WHAT TO WORK ON:
Could you return only the lines that run from the line with "have h1bnu : 1 + b * nu 0 k != 0." through the final line of the data, exactly as they stand?
++++ GIVEN ENTRIES ++++
(* Consider the uniform case $\pi^\ell=\mathbf 1/K$. Let $t\in[0,1]$ with $\alpha_t<1$, let $\mathbf x_t\in\mathsf X$, $\ell\in\{1,\dots,L\}$, and write $\mathbf x_t^\ell=e_k$. Set $\nu:=\hat{\mathbf x}^{\mathrm{loo}}_0(\mathbf x_t,t)^\ell$ and $\mu:=\sum_x p^\ell_{0|t}(x\mid\mathbf x_t)\,x$ (the denoiser vector). Then: (i) $$\mu=\frac{(1-\alpha_t)\nu+K\alpha_t\,\nu_k\, e_k}{1-\alpha_t+K\alpha_t\nu_k},$$ and $$\nu=\frac{(1+(K-1)\alpha_t)\mu-K\alpha_t\,\mu_k\,e_k}{1+(K-1)\alpha_t-K\alpha_t\mu_k},$$ where $\nu_k=\langle e_k,\nu\rangle$ and $\mu_k=\langle e_k,\mu\rangle$. (ii) In particular, if $\nu=\mathrm{softmax}(f)$ for some $f\in\mathbb R^K$, then $$\mu=\mathrm{softmax}\Big(f+\log\big(1+\tfrac{K\alpha_t}{1-\alpha_t}\big)\,e_k\Big).$$
   Context: **Setup.** - Let $K\ge2$, $L\ge1$ and $\mathsf V=\{1,\dots,K\}$. Tokens are identified with the standard basis vectors $e_1,\dots,e_K$ of $\mathbb R^K$. - $\mathsf X=\mathsf V^L$. For $\mathbf x\in\mathsf X$, $\mathbf x^\ell$ is its $\ell$-th token and $\mathbf x^{-\ell}$ denotes the other tokens. - $p_0$ is a distribution on $\mathsf X$. - $\alpha:[0,1]\to[0,1]$ is nonincreasing with $\alpha_0=1$. - Uniform forward kernel: $q^\ell_{t|0}(x_t\mid x_0)=\langle x_t,\alpha_t x_0+(1-\alpha_t)\mathbf 1/K\rangle$, factorized over positions. - $X_0\sim p_0$ and $X_t\mid X_0\sim q_{t|0}(\cdot\mid X_0)$. **Posteriors.** - $p^\ell_{0|t}(x\mid\mathbf x_t)=\mathbb P(X_0^\ell=x\mid X_t=\mathbf x_t)$. - $\hat{\mathbf x}^{\mathrm{loo}}_0(\mathbf x_t,t)^\ell=\mathbb E[X_0^\ell\mid X_t^{-\ell}=\mathbf x_t^{-\ell}]$. - When $\alpha_t<1$, every state has positive probability under the law of $X_t$. *)

From HB Require Import structures.
From mathcomp Require Import all_boot all_order all_algebra.
From mathcomp Require Import all_classical all_reals all_analysis.
Set Implicit Arguments. Unset Strict Implicit. Unset Printing Implicit Defensive.
Import Order.TTheory GRing.Theory Num.Theory.
Local Open Scope ring_scope.

(* Sequences x in X = V^L, V = 'I_K (token j <-> basis vector e_j). *)
Definition seqX (K L : nat) := {ffun 'I_L -> 'I_K}.

Definition evec (R : ringType) (K : nat) (k : 'I_K) : 'rV[R]_K :=
  \row_j (j == k)%:R.

Definition softmax (R : realType) (K : nat) (f : 'rV[R]_K) : 'rV[R]_K :=
  \row_j (expR (f 0 j) / \sum_(i < K) expR (f 0 i)).

(* uniform forward kernel q_{t|0}(xt | x0) with a = alpha_t, factorized over positions:
   q^l(xt^l | x0^l) = <xt^l, a x0^l + (1-a) 1/K> *)
Definition qkern (R : realType) (K L : nat) (a : R) (xt x0 : seqX K L) : R :=
  \prod_(l < L) (a * (xt l == x0 l)%:R + (1 - a) / K%:R).

Definition joint (R : realType) (K L : nat) (p0 : seqX K L -> R) (a : R)
  (x0 xt : seqX K L) : R := p0 x0 * qkern a xt x0.

Definition pXt (R : realType) (K L : nat) (p0 : seqX K L -> R) (a : R)
  (xt : seqX K L) : R := \sum_(x0 : seqX K L) joint p0 a x0 xt.

Definition posterior (R : realType) (K L : nat) (p0 : seqX K L -> R) (a : R)
  (l : 'I_L) (xt : seqX K L) (j : 'I_K) : R :=
  (\sum_(x0 : seqX K L | x0 l == j) joint p0 a x0 xt) / pXt p0 a xt.

(* denoiser vector mu = sum_x p^l_{0|t}(x | xt) x *)
Definition denoiser (R : realType) (K L : nat) (p0 : seqX K L -> R) (a : R)
  (l : 'I_L) (xt : seqX K L) : 'rV[R]_K :=
  \row_j posterior p0 a l xt j.

Definition agree_off (K L : nat) (l : 'I_L) (xt y : seqX K L) : bool :=
  [forall m : 'I_L, (m != l) ==> (y m == xt m)].

(* leave-one-out denoiser: E[X0^l | Xt^{-l} = xt^{-l}], whose j-th coordinate is
   P(X0^l = j, Xt^{-l} = xt^{-l}) / P(Xt^{-l} = xt^{-l}) *)
Definition xloo (R : realType) (K L : nat) (p0 : seqX K L -> R) (a : R)
  (l : 'I_L) (xt : seqX K L) : 'rV[R]_K :=
  \row_j ((\sum_(x0 : seqX K L | x0 l == j)
             \sum_(y : seqX K L | agree_off l xt y) joint p0 a x0 y)
          / (\sum_(x0 : seqX K L)
             \sum_(y : seqX K L | agree_off l xt y) joint p0 a x0 y)).

From HB Require Import structures.
From mathcomp Require Import all_boot all_order all_algebra.
From mathcomp Require Import all_classical all_reals all_analysis.
From mathcomp Require Import ring lra.
Import Order.TTheory GRing.Theory Num.Theory.
Set Implicit Arguments. Unset Strict Implicit.
Local Open Scope ring_scope.

(* Observing only X_t^{-l}, the law of X_0^l is nu.  Observing X_t^l = e_k as
   well multiplies the weight of X_0^l = e_j by q(e_k | e_j), which is
   proportional to 1 + b [j = k] with b = K a / (1 - a).  Hence mu is nu
   reweighted at the single coordinate k ("tilted"), and both formulas and the
   softmax statement are elementary properties of this tilt. *)

Section Tilt.
Variables (R : fieldType) (K : nat) (k : 'I_K).

Definition tilt (b : R) (nu : 'rV[R]_K) : 'rV[R]_K :=
  (1 + b * nu 0 k)^-1 *: (nu + (b * nu 0 k) *: evec R k).

Definition untilt (b : R) (mu : 'rV[R]_K) : 'rV[R]_K :=
  (1 + b - b * mu 0 k)^-1 *: ((1 + b) *: mu - (b * mu 0 k) *: evec R k).

Lemma tiltE b (nu : 'rV[R]_K) j :
  tilt b nu 0 j = (1 + b * (j == k)%:R) * nu 0 j / (1 + b * nu 0 k).
Proof.
rewrite !mxE mulrC; congr (_ * _).
by case: eqP => [->|_]; rewrite ?mulr1 ?mulr0 ?addr0 ?mul1r // mulrDl mul1r mulrC.
Qed.

Lemma tiltK b (nu : 'rV[R]_K) :
  1 + b != 0 -> 1 + b * nu 0 k != 0 -> untilt b (tilt b nu) = nu.
Proof.
move=> hb hnu; move: (tilt b nu) (tiltE b nu) => mu hmu.
apply/rowP => j; rewrite !mxE !hmu eqxx mulr1.
have -> : 1 + b - b * ((1 + b) * nu 0 k / (1 + b * nu 0 k)) =
          (1 + b) / (1 + b * nu 0 k) by field.
by case: eqP => [->|_]; rewrite ?mulr1 ?mulr0 ?addr0; field; rewrite hb hnu.
Qed.

Lemma scale_tilt s g (nu : 'rV[R]_K) : s != 0 ->
  (s + g * nu 0 k)^-1 *: (s *: nu + (g * nu 0 k) *: evec R k) = tilt (g / s) nu.
Proof.
move=> hs; have -> : s + g * nu 0 k = s * (1 + g / s * nu 0 k) by field.
have -> : s *: nu + (g * nu 0 k) *: evec R k =
          s *: (nu + (g / s * nu 0 k) *: evec R k).
  by rewrite scalerDr scalerA; congr (_ + _ *: _); field.
by rewrite scalerA invfM mulrAC mulVf ?mul1r.
Qed.

Lemma scale_untilt s g (mu : 'rV[R]_K) : s != 0 ->
  (s + g - g * mu 0 k)^-1 *: ((s + g) *: mu - (g * mu 0 k) *: evec R k) =
  untilt (g / s) mu.
Proof.
move=> hs; have -> : s + g - g * mu 0 k = s * (1 + g / s - g / s * mu 0 k) by field.
have -> : (s + g) *: mu - (g * mu 0 k) *: evec R k =
          s *: ((1 + g / s) *: mu - (g / s * mu 0 k) *: evec R k).
  by rewrite scalerBr !scalerA; congr (_ *: _ - _ *: _); field.
by rewrite scalerA invfM mulrAC mulVf ?mul1r.
Qed.

End Tilt.

Lemma expR_ln_mul_indicator (R : realType) (b : R) (c : bool) : -1 < b ->
  expR (ln (1 + b) * c%:R) = 1 + b * c%:R.
Proof.
move=> hb; case: c; last by rewrite !mulr0 expR0 addr0.
by rewrite !mulr1 lnK // posrE; lra.
Qed.

Lemma softmax_tilt (R : realType) (K : nat) (k : 'I_K) (b : R) (f : 'rV[R]_K) :
  -1 < b -> softmax (f + ln (1 + b) *: evec R k) = tilt k b (softmax f).
Proof.
move=> hb; set Z := \sum_(i < K) expR (f 0 i).
have hZk : expR (f 0 k) <= Z.
  by rewrite /Z (bigD1 k) //= lerDl sumr_ge0 // => i _; exact: expR_ge0.
have hexp i : expR ((f + ln (1 + b) *: evec R k) 0 i) =
              (1 + b * (i == k)%:R) * expR (f 0 i).
  by rewrite !mxE expRD expR_ln_mul_indicator // mulrC.
have hsum : \sum_(i < K) expR ((f + ln (1 + b) *: evec R k) 0 i) =
            Z + b * expR (f 0 k).
  under eq_bigr => i _ do rewrite hexp mulrDl mul1r.
  rewrite big_split /= [X in _ + X](bigD1 k) //= eqxx mulr1.
  rewrite [X in _ + (_ + X)]big1 ?addr0 //.
  by move=> i /negbTE ->; rewrite mulr0 mul0r.
have he := expR_gt0 (f 0 k).
have hD : Z + b * expR (f 0 k) != 0 by rewrite gt_eqF //; nra.
apply/rowP => j; rewrite tiltE /softmax mxE hsum hexp !mxE -/Z.
by field; rewrite hD gt_eqF //; lra.
Qed.

Section LeaveOneOut.
Variables (R : realType) (K L : nat) (p0 : seqX K L -> R) (a : R).
Variables (l : 'I_L) (xt : seqX K L).

Definition kfactor (u v : 'I_K) : R := a * (u == v)%:R + (1 - a) / K%:R.

Definition qkern_off (x0 : seqX K L) : R :=
  \prod_(m < L | m != l) kfactor (xt m) (x0 m).

Definition upd (v : 'I_K) : seqX K L := [ffun m => if m == l then v else xt m].

Lemma upd_id : upd (xt l) = xt.
Proof. by apply/ffunP => m; rewrite ffunE; case: eqP => [->|]. Qed.

Lemma sum_agree_off (F : seqX K L -> R) :
  \sum_(y | agree_off l xt y) F y = \sum_(v : 'I_K) F (upd v).
Proof.
rewrite (partition_big (fun y : seqX K L => y l) predT) //=.
apply: eq_bigr => v _; rewrite (big_pred1 (upd v)) // => y /=.
apply/andP/eqP => [[/forallP hy /eqP <-]| ->].
- apply/ffunP => m; rewrite ffunE; case: eqP => [->|ne] //.
  by move: (hy m) => /implyP/(_ (introN eqP ne))/eqP.
- rewrite ffunE eqxx; split=> //; apply/forallP => m; apply/implyP => /negbTE.
  by rewrite ffunE => ->.
Qed.

Lemma qkern_upd v x0 : qkern a (upd v) x0 = kfactor v (x0 l) * qkern_off x0.
Proof.
rewrite /qkern (bigD1 l) //= ffunE eqxx; congr (_ * _).
by apply: eq_bigr => m /negbTE; rewrite ffunE => ->.
Qed.

Lemma sum_kfactor j : (0 < K)%N -> \sum_(v < K) kfactor v j = 1.
Proof.
move=> hK; rewrite big_split /= sumr_const card_ord -big_distrr /=.
rewrite (bigD1 j) //= eqxx big1 => [|i /negbTE -> //].
by rewrite addr0 mulr1 -[_ *+ K]mulr_natr mulfVK ?pnatr_eq0 -?lt0n // subrKC.
Qed.

(* P(X_0^l = e_j, X_t^{-l} = xt^{-l}): the kernel factor at l sums out to 1 *)
Definition loo_mass (j : 'I_K) : R :=
  \sum_(x0 : seqX K L | x0 l == j) p0 x0 * qkern_off x0.

Lemma sum_by_coord (F : seqX K L -> R) :
  \sum_(x0 : seqX K L) F x0 = \sum_(i < K) \sum_(x0 : seqX K L | x0 l == i) F x0.
Proof. exact: (partition_big (fun x0 : seqX K L => x0 l) predT). Qed.

Lemma xlooE : (0 < K)%N ->
  xloo p0 a l xt = \row_j (loo_mass j / \sum_i loo_mass i).
Proof.
move=> hK.
have hoff x0 : \sum_(y | agree_off l xt y) joint p0 a x0 y = p0 x0 * qkern_off x0.
  rewrite sum_agree_off /joint; under eq_bigr => v _ do rewrite qkern_upd mulrCA.
  by rewrite -big_distrl /= sum_kfactor // mul1r.
apply/rowP => j; rewrite !mxE sum_by_coord.
by congr (_ / _); [|apply: eq_bigr => i _]; apply: eq_bigr => x0 _; rewrite hoff.
Qed.

Lemma denoiserE : denoiser p0 a l xt =
  \row_j (loo_mass j * kfactor (xt l) j / \sum_i loo_mass i * kfactor (xt l) i).
Proof.
have hmass j : \sum_(x0 : seqX K L | x0 l == j) joint p0 a x0 xt =
               loo_mass j * kfactor (xt l) j.
  rewrite /loo_mass big_distrl /=; apply: eq_bigr => x0 /eqP <-.
  by rewrite /joint -{1}upd_id qkern_upd mulrA mulrAC.
apply/rowP => j; rewrite !mxE /posterior /pXt sum_by_coord hmass.
by congr (_ / _); apply: eq_bigr => i _; rewrite hmass.
Qed.

Hypotheses (hK : (0 < K)%N) (hp0 : forall x, 0 <= p0 x).
Hypotheses (hp0sum : \sum_(x : seqX K L) p0 x = 1) (ha0 : 0 <= a) (ha1 : a < 1).

Lemma kfactor_gt0 u v : 0 < kfactor u v.
Proof.
apply: ltr_wpDl; first by rewrite mulr_ge0 ?ler0n.
by rewrite divr_gt0 ?ltr0n // subr_gt0.
Qed.

Lemma loo_mass_ge0 j : 0 <= loo_mass j.
Proof.
apply: sumr_ge0 => x0 _; apply: mulr_ge0 => //.
by apply: prodr_ge0 => m _; exact: ltW (kfactor_gt0 _ _).
Qed.

Lemma loo_mass_sum_gt0 : 0 < \sum_i loo_mass i.
Proof.
rewrite lt_def sumr_ge0 ?andbT => [|i _]; last exact: loo_mass_ge0.
have hw x0 : 0 < qkern_off x0 by apply: prodr_gt0 => m _; exact: kfactor_gt0.
apply/eqP; rewrite /loo_mass -sum_by_coord.
move/(psumr_eq0P (fun x _ => mulr_ge0 (hp0 x) (ltW (hw x)))) => hzero.
have : \sum_(x : seqX K L) p0 x = 0.
  by apply: big1 => x _; apply/eqP; move: (hzero x isT) => /eqP;
     rewrite mulf_eq0 (gt_eqF (hw x)) orbF.
by rewrite hp0sum => /eqP; rewrite oner_eq0.
Qed.

Lemma xloo_ge0 j : 0 <= xloo p0 a l xt 0 j.
Proof.
by rewrite xlooE // mxE divr_ge0 ?loo_mass_ge0 // ltW // loo_mass_sum_gt0.
Qed.

Lemma denoiser_tilt :
  denoiser p0 a l xt = tilt (xt l) (K%:R * a / (1 - a)) (xloo p0 a l xt).
Proof.
set k := xt l; set S := \sum_i loo_mass i.
have hS : 0 < S := loo_mass_sum_gt0.
have hden : \sum_i loo_mass i * kfactor k i =
            a * loo_mass k + (1 - a) / K%:R * S.
  under eq_bigr => i _ do rewrite /kfactor mulrDr mulrCA (mulrC _ ((1 - a) / _)).
  rewrite big_split /= -!big_distrr /= (bigD1 k) //= eqxx mulr1 big1 ?addr0 //.
  by move=> i /negbTE; rewrite eq_sym => ->; rewrite mulr0.
have hK0 : (K%:R : R) != 0 by rewrite pnatr_eq0 -lt0n.
have h1a : 1 - a != 0 by rewrite subr_eq0 eq_sym lt_eqF.
have hD : (1 - a) * S + K%:R * a * loo_mass k != 0.
  rewrite gt_eqF // ltr_wpDr ?mulr_gt0 ?subr_gt0 //.
  by rewrite !mulr_ge0 ?ler0n ?loo_mass_ge0.
apply/rowP => j; rewrite denoiserE tiltE xlooE // !mxE hden -/S /kfactor eq_sym.
by field; rewrite hD hK0 h1a gt_eqF.
Qed.

End LeaveOneOut.

Theorem mainTheorem4 (R : realType) (K L : nat) (hK : (2 <= K)%N) (hL : (1 <= L)%N)
  (p0 : seqX K L -> R)
  (hp0 : forall x, 0 <= p0 x) (hp0sum : \sum_(x : seqX K L) p0 x = 1)
  (alpha : R -> R)
  (halpha_range : forall s, 0 <= s <= 1 -> 0 <= alpha s <= 1)
  (halpha_mono : forall s u, 0 <= s -> s <= u -> u <= 1 -> alpha u <= alpha s)
  (halpha0 : alpha 0 = 1)
  (t : R) (ht : 0 <= t <= 1) (hat : alpha t < 1)
  (xt : seqX K L) (l : 'I_L) :
  let a := alpha t in
  let k := xt l in
  let nu := xloo p0 a l xt in
  let mu := denoiser p0 a l xt in
  [/\ mu = (1 - a + K%:R * a * nu 0 k)^-1 *:
             ((1 - a) *: nu + (K%:R * a * nu 0 k) *: evec R k),
      nu = (1 + (K%:R - 1) * a - K%:R * a * mu 0 k)^-1 *:
             ((1 + (K%:R - 1) * a) *: mu - (K%:R * a * mu 0 k) *: evec R k)
    & forall f : 'rV[R]_K, nu = softmax f ->
      mu = softmax (f + ln (1 + K%:R * a / (1 - a)) *: evec R k)].
Proof.
move=> a k nu mu.
have /andP[ha0 _] := halpha_range t ht.
have hK0 : (0 < K)%N by exact: leq_trans hK.
have h1a : 1 - a != 0 by rewrite subr_eq0 eq_sym lt_eqF.
set b := K%:R * a / (1 - a).
have hb : 0 <= b by rewrite divr_ge0 ?mulr_ge0 ?ler0n // subr_ge0 ltW.
have hmu : mu = tilt k b nu by exact: denoiser_tilt.
have hnuk : 0 <= nu 0 k by exact: xloo_ge0.
split.
- by rewrite hmu scale_tilt.
- have -> : 1 + (K%:R - 1) * a = 1 - a + K%:R * a by ring.
  have h1b : 1 + b != 0 by rewrite gt_eqF // ltr_wpDr.
  have h1bnu : 1 + b * nu 0 k != 0.
    by rewrite gt_eqF // (ltr_wpDr (mulr_ge0 hb hnuk)).
  by rewrite scale_untilt // hmu tiltK.
- by move=> f hf; rewrite hmu hf softmax_tilt // (lt_le_trans _ hb) ?oppr_lt0.
Qed.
++++
WRITTEN ANSWER:
  have h1bnu : 1 + b * nu 0 k != 0.
    by rewrite gt_eqF // (ltr_wpDr (mulr_ge0 hb hnuk)).
  by rewrite scale_untilt // hmu tiltK.
- by move=> f hf; rewrite hmu hf softmax_tilt // (lt_le_trans _ hb) ?oppr_lt0.
Qed.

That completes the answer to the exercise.